An agentic AI active-recall study companion that turns lecture PDFs into speaking-based flashcards.
Yapping Study Buddy is an online flashcard tool, but instead of only reading and flipping cards silently, users answer by speaking. The system transcribes the spoken answer, evaluates semantic concept coverage, and decides whether the user should move on, retry with a hint, or reveal the answer.
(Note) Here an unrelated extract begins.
(* Let $O=\langle B,E,F,\mathsf c\rangle$ be an occurrence net and let $\mathcal C(O)=\langle S,E,F',I,\emptyset,\mathsf m,\ell\rangle$ be the associated net, where $S=\{(\ast,e)\mid e\in E\}\cup\{(e,\ast)\mid e\in E\}\cup\{\{e,e'\}\mid e\ \#\ e'\}$, $F'=\{((\ast,e),e)\mid e\in E\}\cup\{(s,e)\mid s=\{e,e'\}\in S\}\cup\{(e,(e,\ast))\mid e\in E\}$, $I=\{((\ast,e'),e)\mid e'<_O e\}$, $\mathsf m(s)=0$ if $s=(e,\ast)$ and $\mathsf m(s)=1$ otherwise, and $\ell$ is the identity. Then $\mathcal C(O)$ is an occurrence causal net.
   Context: Occurrence nets: a net $\langle S,T,F,\mathsf m\rangle$ has disjoint places/transitions, flow $F$, initial marking $\mathsf m$; ${}^\bullet x,x^\bullet$ pre/postsets; $t$ enabled at $m$ if ${}^\bullet t\subseteq m$, firing gives $m-{}^\bullet t+t^\bullet$. $<_N$ is the transitive closure of $F$, $\le_N$ its reflexive closure; acyclic means $\le_N$ is a partial order; safe means at most one token per place in reachable markings. An occurrence net $O=\langle B,E,F,\mathsf c\rangle$ is an acyclic safe net with: ${}^\bullet b$ empty or a singleton, ${}^\bullet b=\emptyset$ for $b\in\mathsf c$; each $b$ has some $b'\in\mathsf c$ with $b'\le_O b$; $\{e'\mid e'\le_O e\}$ finite; and $\#$ (with $e\ \#_0\ e'$ iff $e\neq e'$ and ${}^\bullet e\cap{}^\bullet e'\neq\emptyset$; $x\ \#\ x'$ iff $y\ \#_0\ y'$ for some $y\le_O x$, $y'\le_O x'$) irreflexive. Contextual/causal nets: a labelled contextual net $N=\langle S,T,F,I,R,\mathsf m,\ell\rangle$ has inhibitor arcs $I\subseteq S\times T$, read arcs $R\subseteq S\times T$, labelling $\ell:T\to L$; ${}^\circ t=\{s\mid(s,t)\in I\}$, $\underline t=\{s\mid(s,t)\in R\}$; every transition has nonempty preset; $t$ enabled at $m$ if ${}^\bullet t+\underline t\subseteq m$ and $m(s)=0$ for $s\in{}^\circ t$; firing gives $m-{}^\bullet t+t^\bullet$. States are multisets of transitions of finite firing sequences from $\mathsf m$, $\lfloor X\rfloor$ the support. Nets are assumed safe. $t\prec_N t'$ iff ${}^\bullet t\cap{}^\circ t'\neq\emptyset$ or $t^\bullet\cap\underline{t'}\neq\emptyset$; $t\ \#_N\ t'$ iff no state contains both in its support. Pre-causal: (1) $<_N\cap(T\times T)=\emptyset$, ${}^\bullet t\cap{}^\circ t=\emptyset$, $t^\bullet\cap\underline t=\emptyset$; (2) $|\ell(s^\bullet)|=1$ for $s\in{}^\circ t$; (3) $t\prec_N t'\Rightarrow$ not $t'\prec_N t$; (4) ${}^\circ t\cup\underline t$ finite; (5) $t\ \#_N\ t'\Rightarrow {}^\bullet t\cap{}^\bullet t'\neq\emptyset$; (6) $t\neq t'$, $\ell(t)=\ell(t')\Rightarrow t\ \#_N\ t'$. Causal net: pre-causal and (a) $\prec^*$ restricted to the support of each state is a partial order, (b) every transition is in the support of some state. An occurrence causal net is a causal net $K$ with $R=\emptyset$, $\ell$ injective, $\prec_K^{*}$ a partial order on all of $T$, and such that $t\ \#_K\ t'$ and $t'\prec_K^{*}t''$ imply $t\ \#_K\ t''$. *)

From Stdlib Require Import List Relations ClassicalDescription.
Import ListNotations.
Website Link: https://yellow-moss-0a08bda1e.7.azurestaticapps.net/
- Architecture Overview
- Architecture Diagram
- Problem Statement
- Approach
- Agentic AI Design
- Microsoft Azure Services
- Pipeline Flow
- Sample Workflow
- Tech Stack
- Getting Started
- Screenshots
- Current Working Features
- Future Improvements
- Frontend: React, HTML, CSS, JavaScript
- Backend: Python FastAPI
- PDF Processing: PyMuPDF
- AI Agents: ContentAgent, CoachAgent, WorkflowAgent
- AI Model Access: Azure OpenAI through Microsoft Foundry
- Agent Framework: Microsoft Agent Framework
- Speech Service: Azure Speech
- Persistent Memory: Azure Cosmos DB
- Deployment: Azure Static Web App and Azure App Service
Traditional flashcards are useful, but they have three main problems:
- Passive learning: users often read and check answers silently without actively producing the answer.
- Manual card creation: creating flashcards from lecture slides is time-consuming because users need to transfer questions one by one.
- No adaptive feedback: traditional flashcards usually do not evaluate the user's answer or decide what the user should study next.
Yapping Study Buddy solves this by turning the Gen Z habit of "yapping" into a structured active-recall workflow. Instead of only reading flashcards, users explain answers out loud. The system transcribes the spoken answer, evaluates semantic understanding, and guides the next study step.
The solution follows an agentic AI workflow:
- The user uploads a lecture PDF.
- The backend extracts text from the PDF.
- ContentAgent generates flashcards, ideal answers, and keywords.
- The user answers each flashcard by speaking.
- Azure Speech converts the spoken answer into a transcript.
- CoachAgent evaluates the answer based on semantic similarity and concept coverage.
- WorkflowAgent decides the next action using the evaluation result and session state.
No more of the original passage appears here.